I'm designing a board for a school project using eagle. I thought I could get away with using the onboard clock of the PIC18 since it's not doing a whole lot (mostly just LEDs), but one of its tasks is RS232 communication, and I (just) learned that the onboard is nowhere near accurate enough for any sort of comms. Since the RS232 link is crucial, I need it to work. So I've had the task of cramming an xtal and two caps on my already crowded PCB. Here's my result at 3am this morning:

enter image description here

I'm sure I've made some experienced board designer sweat a bit. The big glowing trace is ground. I think it's the best I could do considering there was absolutely no room to move the PIC or the two top chips, and very little room to move the bottom one. The board is going to be CNC milled so I can't go less than 16mil trace width/16 mil spacing. I rearranged what I could to make sure OSC1 and OSC2 had no vias. The caps are small little ~20pf ceramics, I just used the cylindrical parts for the pad spacing.
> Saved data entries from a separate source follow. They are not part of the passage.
Lemma semisat_sum_deg_ge : m.+1 * T * 2 ^ n <= (\sum_u deg E u) * (T + m + 2).
Proof.
have hS : \sum_u deg E u = \sum_(u | T <= deg E u) deg E u + \sum_(u | deg E u < T) deg E u.
  by rewrite (bigID (fun u => T <= deg E u)) /=; congr (_ + _); apply: eq_bigl => u; rewrite ltnNge.
have hV : #|[set u | T <= deg E u]| + #|[set u | deg E u < T]| = 2 ^ n.
  rewrite (_ : [set u | deg E u < T] = ~: [set u | T <= deg E u]).
    by rewrite cardsC card_ffun card_bool card_ord.
  by apply/setP => u; rewrite !inE ltnNge.
have hTB : #|[set u | T <= deg E u]| * T <= \sum_(u | T <= deg E u) deg E u.
  by rewrite -sum_nat_cond_const; apply: leq_sum.
have hcharge : #|[set u | deg E u < T]| * m.+1 <=
    \sum_(u | deg E u < T) deg E u + \sum_(u | deg E u < T) big_nbrs u
    + \sum_(u | deg E u < T) (deg E u == 1 : nat).
  by rewrite -sum_nat_cond_const -!big_split; apply: leq_sum => u; apply: small_charge.
have hbig : \sum_(u | deg E u < T) big_nbrs u <= \sum_(u | T <= deg E u) deg E u.
  rewrite (eq_bigl (fun u => ~~ (T <= deg E u))) => [|u]; last by rewrite ltnNge.
  exact: sum_nbrs_in_le.
have hdeg1 : \sum_(u | deg E u < T) (deg E u == 1 : nat) <= #|[set u | T <= deg E u]|.
  rewrite sum_nat_b2n; apply: leq_trans card_deg1_le_big.
  by apply/subset_leq_card/subsetP => u; rewrite !inE => /andP [].
rewrite hS -hV; move: hTB hcharge hbig hdeg1.
move: (\sum_(u | T <= _) _) (\sum_(u | _ < T) deg E u) (\sum_(u | _ < T) big_nbrs u) => Sb Ss Sn.
move: (\sum_(u | _ < T) _) #|[set u | T <= _]| #|[set u | _ < T]| => S1 B Bs.
nia.
Qed.

End Discharging.

Lemma semisat_card_ge n m (E : {set {set vert n}}) :
    semisat n m E -> 2 <= m -> m <= n ->
  m.+1 * ((n - m) %/ 2) * 2 ^ n <= 2 * #|E| * ((n - m) %/ 2 + m + 2).
Proof.
move=> hs hm hmn; set T := (n - m) %/ 2.
have hT1 : T <= n - m.-1 by rewrite /T; lia.
have hT2 : m * T < (n - m) * m.-1 + m.
  have : 2 * T <= n - m by rewrite /T; lia.
  move: (n - m) => d; nia.
apply: leq_trans (semisat_sum_deg_ge hs hm hmn hT1 hT2) _.
by rewrite leq_mul2r handshake ?orbT // (semisat_sub hs).
Qed.

Import Order.TTheory GRing.Theory Num.Theory.
Local Open Scope ring_scope.

Lemma ratio_lower_bound (R : realFieldType) (a t P k eps : R) :
    0 <= a -> 0 <= t -> 0 <= P -> 0 < eps ->
    (a + 1) * t * P <= 2 * k * (t + a + 2) -> (a + 1) * (a + 2) < 2 * eps * t ->
  ((a + 1) / 2 - eps) * P <= k.
Proof.
move=> a0 t0 P0 eps0 hk ht; have pos : 0 < t + a + 2 by lra.
rewrite -(ler_pM2r pos).
have : (a + 1) * (a + 2) * P <= 2 * eps * t * P by rewrite ler_wpM2r // ltW.
have : 0 <= eps * P * (a + 2) by rewrite !mulr_ge0 // ?ltW //; lra.
nra.
Qed.

Theorem theorem4 (m : nat) (hm : (2 <= m)%N) :
  forall eps : rat, 0 < eps ->
  exists N : nat, forall n : nat, (N <= n)%N ->
    ((m.+1)%:R / 2 - eps) * (2 ^ n)%:R <= (ssat n m)%:R :> rat.
Proof.
move=> eps eps_gt0; set x : rat := (m.+1 * m.+2)%:R / (2 * eps).
have x_ge0 : 0 <= x by rewrite divr_ge0 // mulr_ge0 // ltW.
exists (m + 2 * Num.bound x + 2)%N => n hn; set T := ((n - m) %/ 2)%N.
have hxT : x < T%:R by apply: lt_le_trans (archi_boundP x_ge0) _; rewrite ler_nat /T; lia.
rewrite /ssat; case: ex_minnP => k /existsP [E /andP [hs /eqP <-]] _.
have hmn : (m <= n)%N by lia.
have := semisat_card_ge hs hm hmn; rewrite -/T -(ler_nat rat) !natrM !natrD.
rewrite -[m.+1]addn1 natrD => hE.
apply: (ratio_lower_bound _ _ _ eps_gt0 hE) => //.
by move: hxT; rewrite /x ltr_pdivrMr ?mulr_gt0 // mulrC natrM -[m.+2]addn2 -[m.+1]addn1 !natrD.
Qed.
Lemma rotation_or_reflection (f : 'I_N -> 'I_N) : injective f ->
  (forall i, adjacent (f i) (f (i + Zp1))) ->
  (forall x, f x = f 0 + x) \/ (forall x, f x = f 0 - x).
Proof.
move=> f_inj f_adj; pose step i := f (i + Zp1) - f i.
(* Two opposite consecutive steps revisit a value of f, which injectivity
   only allows when N <= 2. *)
have step_cancel i : step (i + Zp1) = - step i -> Zp1 = - Zp1 :> 'I_N.
  rewrite /step => cancel; have : f (i + Zp1 + Zp1) = f i.
    by rewrite -(subrK (f (i + Zp1)) (f (i + Zp1 + Zp1))) cancel opprB subrK.
  by move/f_inj/eqP; rewrite -addrA addr_eql addr_eq0 => /eqP.
have step_const i : step (i + Zp1) = step i.
  have := step_cancel i; rewrite /step.
  by case: (f_adj i) (f_adj (i + Zp1)) => -> [] -> //; rewrite ?opprK => /(_ erefl) e //;
    exact/esym.
have step_at t : step (inZp t) = step 0.
  by elim: t => [|t IH]; rewrite ?inZp0 // inZpS step_const.
have f_at t : f (inZp t) = f 0 + step 0 *+ t.
  elim: t => [|t IH]; first by rewrite inZp0 mulr0n addr0.
  have -> : f (inZp t.+1) = step (inZp t) + f (inZp t) by rewrite /step subrK inZpS.
  by rewrite step_at IH mulrS addrCA.
case: (f_adj 0) => step0; [left | right] => x;
  by rewrite -[x in f x]valZpK f_at /step step0 ?mulNrn Zp1_mulrn valZpK.
Qed.

Lemma same_circular_of_adjacent pi sigma :
  (forall i, adjacent ((sigma^-1)%g (pi i)) ((sigma^-1)%g (pi (i + Zp1)))) ->
  same_circular pi sigma.
Proof.
move=> adj; have f_inj : injective (fun i => (sigma^-1)%g (pi i)).
  by move=> a b /perm_inj /perm_inj.
have /= [] := rotation_or_reflection f_inj adj; set c := (sigma^-1)%g (pi 0) => fE.
  exists (val (- c)); left => j; apply: (@perm_inj _ (sigma^-1)%g).
  by rewrite permK iter_ordS valZpK fE addrC subrK.
exists (val (c + Zp1)); right => j; apply: (@perm_inj _ (sigma^-1)%g).
by rewrite permK iter_ordS valZpK rev_ordE fE opprD opprK addrCA opprD addNKr addrK.
Qed.

Lemma tour_crossings_set2 sigma A :
  tour_crossings sigma [set A; ~: A] = crossings (fun k => sigma k \in A).
Proof.
rewrite /tour_crossings /crossings -sum1_card [in RHS]big_mkcond /=.
by apply: eq_bigr => k _; rewrite split_pm_set2 inE; case: (_ != _).
Qed.

Lemma tour_crossings_split_ge2 sigma S : is_split S -> (2 <= tour_crossings sigma S)%N.
Proof.
case/is_split_set2 => A [/set0Pn [x xA]].
rewrite eqEsubset subsetT => /subsetPn [y _ yA] ->.
by rewrite tour_crossings_set2 (crossings_ge2 (x := (sigma^-1)%g x) (y := (sigma^-1)%g y))
  ?permKV.
Qed.

Lemma tour_crossings_circular_le2 pi S : circular_split pi S -> (tour_crossings pi S <= 2)%N.
Proof.
case/andP => /is_split_set2 [A _ ->] /forall_inP /(_ A).
rewrite !inE eqxx => /(_ isT) /existsP [i /existsP [k /eqP ->]].
by rewrite tour_crossings_set2 crossings_arc_le2 // -ltnS.
Qed.

Definition arc2_split pi i := [set Defs.arc pi i 2; ~: Defs.arc pi i 2].
(* Let $K_0$ be a finite extension of $\mathbb{Q}_2$ with absolute ramification index $e_0$, and let $K_2/K_0$ be a totally ramified cyclic extension of degree $4$ with Galois group generated by $\sigma$, with intermediate field $K_1$ (the fixed field of $\sigma^2$), whose lower ramification break numbers $b_1<b_2$ are odd with $b_1>e_0$ and $b_2=b_1+2e_0$. Then for every odd integer $a$ there are $\alpha,\rho\in K_2$ with $v_2(\alpha)=a$, $v_2(\rho)=a+(b_2-b_1)$ such that $\mu:=(\sigma+1)\alpha-\rho$ lies in $K_1$ and $v_2(\mu)=a+b_1$. Furthermore, if $a+b_1\equiv 0\pmod 4$, then $\alpha,\rho$ can be chosen so that in addition $\mu\in K_0$.
   Context: $v_2$ is the normalized valuation of $K_2$. The lower ramification break numbers of $\mathrm{Gal}(K_2/K_0)$ are the integers $j\ge1$ with $G_j\ne G_{j+1}$ in the lower-numbering ramification filtration. $(\sigma+1)\alpha=\sigma(\alpha)+\alpha$. *)

From HB Require Import structures.
From mathcomp Require Import all_boot all_order all_algebra all_fingroup all_field.
Set Implicit Arguments. Unset Strict Implicit. Unset Printing Implicit Defensive.
Import Order.TTheory GRing.Theory Num.Theory.
Local Open Scope ring_scope.

(* Discrete valuations on a field K, given as v : K -> int; the value v 0 is
   irrelevant (v 0 = +oo conventionally), so every statement guards x != 0. *)
Section Val.
Variable K : fieldType.
Variable v : K -> int.

Definition vge (x : K) (n : int) : Prop := x = 0 \/ n <= v x.

Definition vint (x : K) : Prop := vge x 0.
Lemma graph_cell_cover :
  [set x : n.-tuple R | tnth x i = p + q * tnth x j /\ forall l, - K <= tnth x l <= K]
  `<=` \bigcup_(r in `I_N) box (graph_cell_lo r) (graph_cell_hi r).
Proof.
move=> x [xi xK]; have /andP[xj1 xj2] := xK j.
have [r rN xr] : exists2 r, (r < N)%N & grid r <= tnth x j <= grid r.+1.
  pose h := 2 * K / N%:R.
  have q0 : 0 <= (tnth x j + K) / h by rewrite divr_ge0 ?(ltW h_gt0) //; lra.
  have /andP[t1 t2] := truncn_itv q0; set t := truncn _ in t1 t2.
  rewrite ler_pdivlMr // in t1; rewrite ltr_pdivrMr // in t2.
  have [tN|Nt] := ltnP t N.
    by exists t => //; rewrite /grid -/h; apply/andP; split; lra.
  have Nh : N%:R * h = 2 * K by rewrite mulrC divfK // pnatr_eq0 -lt0n.
  have Nth : N.-1%:R * h <= t%:R * h.
    by rewrite ler_pM2r // ler_nat (leq_trans (leq_pred N)).
  exists N.-1; first by rewrite ltn_predL.
  by rewrite prednK // /grid -/h; apply/andP; split; lra.
exists r => //; rewrite /box => l; rewrite !tnth_mktuple.
case: ifP => [/eqP ->|_]; first by rewrite xi affine_between.
by case: ifP => [/eqP ->|_].
Qed.

Lemma graph_cell_vol r : box_vol (graph_cell_lo r) (graph_cell_hi r) <=
  `|q| * (2 * K / N%:R) * (2 * K / N%:R) * (2 * K + 1) ^+ n.
Proof.
apply: box_vol_le ij _ (graph_cell_lo_le_hi r) _ _ _; rewrite ?tnth_mktuple.
- by have := K0; lra.
- rewrite eqxx maxrBmin opprD addrACA subrr add0r -mulrBr gridS opprD addNKr.
  by rewrite normrM normrN (gtr0_norm h_gt0).
- by rewrite eq_sym (negPf ij) eqxx gridS addrAC subrr add0r.
- by move=> l li lj; rewrite !tnth_mktuple (negPf li) (negPf lj); have := K0; lra.
Qed.
End AffineGraphCells.

Lemma lebesgue_null_subset (R : realType) (n : nat) (A B : set (n.-tuple R)) :
  lebesgue_null A -> B `<=` A -> lebesgue_null B.
Proof.
move=> nA BA eps eps0; have [a [b [ab [cov vol]]]] := nA eps eps0.
by exists a, b; split => //; split => //; exact: subset_trans cov.
Qed.

Lemma lebesgue_null_affine_graph (R : realType) (n : nat) (i j : 'I_n) (p q K : R) :
  i != j -> 0 < K ->
  lebesgue_null [set x : n.-tuple R |
    tnth x i = p + q * tnth x j /\ forall l, - K <= tnth x l <= K].
Proof.
move=> ij K0; apply: lebesgue_null_finite_cover; first exact: leq_ltn_trans (ltn_ord i).
move=> eps eps0; pose C := `|q| * (2 * K) ^+ 2 * (2 * K + 1) ^+ n.
pose N := (truncn (C / eps)).+1.
have N0 : (0 < N)%N by [].
exists N, (graph_cell_lo i j p q K N), (graph_cell_hi i j p q K N); split.
- exact: graph_cell_lo_le_hi.
- exact: graph_cell_cover.
- apply: le_lt_trans (_ : _ <= \sum_(k < N) `|q| * (2 * K / N%:R) * (2 * K / N%:R) *
      (2 * K + 1) ^+ n) _; first by apply: ler_sum => k _; exact: graph_cell_vol.
  rewrite sumr_const card_ord -[_ *+ N]mulr_natr.
  have -> : `|q| * (2 * K / N%:R) * (2 * K / N%:R) * (2 * K + 1) ^+ n * N%:R = C / N%:R.
    by rewrite /C; field; rewrite pnatr_eq0.
  have := truncnS_gt (C / eps); rewrite ltr_pdivrMr // => CN.
  by rewrite ltr_pdivrMr ?ltr0n // mulrC.
Qed.

Section AbsContinuous.
Variables (R : realType) (n : nat) (mu : probability (n.-tuple R) R).
Hypothesis mu_ac : continuous_probability mu.

Lemma abs_continuous_plane2 (i j : 'I_n) (al be c : R) : i != j -> al != 0 ->
  mu [set x | al * tnth x i + be * tnth x j = c] = 0%E.
Proof.
move=> ij al0; pose P := [set x : n.-tuple R | al * tnth x i + be * tnth x j = c].
have mP : measurable P.
  apply: measurable_level; apply: measurable_funD; apply: measurable_funM => //;
    exact: measurable_tnth.
pose nrm (x : n.-tuple R) := \sum_(l < n) `|tnth x l|.
have mnrm : measurable_fun setT nrm.
  apply: measurable_sum => l; apply: measurableT_comp => //; exact: measurable_tnth.
pose F (k : nat) := P `&` [set x | nrm x <= k%:R].
have mF k : measurable (F k) := measurableI _ _ mP (measurable_sublevel _ mnrm).
have F0 k : mu (F k) = 0%E.
  apply: mu_ac (mF k) _.
  have G := lebesgue_null_affine_graph (c / al) (- be / al) ij (ltr0Sn R k).
  apply: lebesgue_null_subset G _.
  move=> x [/= Px nx]; split.
    by rewrite -Px; field.
  move=> l; have : `|tnth x l| <= k%:R.
    by apply: le_trans nx; rewrite /nrm (bigD1 l) //= lerDl sumr_ge0.
  by rewrite ler_norml -natr1 => /andP[? ?]; apply/andP; split; lra.
apply/eqP; rewrite eq_le measure_ge0 andbT.
apply: le_trans (measure_sigma_subadditive _ mF mP _) _.
  by move=> x Px; exists (truncn (nrm x)).+1 => //; split => //=; rewrite ltW // truncnS_gt.
by rewrite eseries0 // => k _ _; exact: F0.
Qed.
End AbsContinuous.

Lemma measurable_dotp (R : realType) (n : nat) (w : n.-tuple R) :
  measurable_fun setT (dotp w).
Proof.
apply: measurable_sum => i; apply: measurable_funM; first exact: measurable_cst.
exact: measurable_tnth.
Qed.

Section SweepingHyperplanes.
Variables (R : realType) (n : nat) (mu : probability (n.-tuple R) R) (i0 i1 : 'I_n).
Hypotheses (i01 : i0 != i1) (mu_ac : continuous_probability mu).

Let i10 : (i1 == i0) = false. Proof. by rewrite eq_sym (negPf i01). Qed.

(* Turns from e_i0 (t = 0) to -e_i0 (t = 1) within the (i0, i1)-plane without vanishing. *)
Definition sweep_normal (t : R) : n.-tuple R :=
  [tuple if l == i0 then 1 - 2 * t else if l == i1 then t * (1 - t) else 0 | l < n].

Lemma dotp_sweep_normal t x :
  dotp (sweep_normal t) x = (1 - 2 * t) * tnth x i0 + t * (1 - t) * tnth x i1.
Proof.
rewrite /dotp (bigD1 i0) //= (bigD1 i1) 1?eq_sym //= big1 ?addr0; last first.
  by move=> l /andP[li0 li1]; rewrite tnth_mktuple (negPf li0) (negPf li1) mul0r.
by rewrite !tnth_mktuple eqxx i10 eqxx.
Qed.

Lemma sweep_coef_neq0 (t : R) : (1 - 2 * t != 0) || (t * (1 - t) != 0).
Proof.
apply/orP; have [t01|t01] := eqVneq (t * (1 - t)) 0; [left | by right].
by move/eqP: t01; rewrite mulf_eq0 subr_eq0 => /orP[] /eqP t01; apply/eqP; lra.
Qed.

Lemma sweep_normal_neq0 t : nonzero_vec (sweep_normal t).
Proof.
case/orP: (sweep_coef_neq0 t) => ct; [exists i0 | exists i1];
  by rewrite tnth_mktuple ?eqxx ?i10 ?eqxx.
Qed.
(Also, blue is the bottom layer, red is the top; everything has to be through-hole and connect on the bottom)

I plan on running the chip at 4.9152MHz. If for whatever unfathomable reason it's not enough speed, I'd like the option of 7.2MHz. I know speed affects design.

Any advice would be appreciated. I'm probably going to spin the caps so the trace to the xtal is shorter. I don't see any possible way to have a 'ground ring' which is suggested as there's no room.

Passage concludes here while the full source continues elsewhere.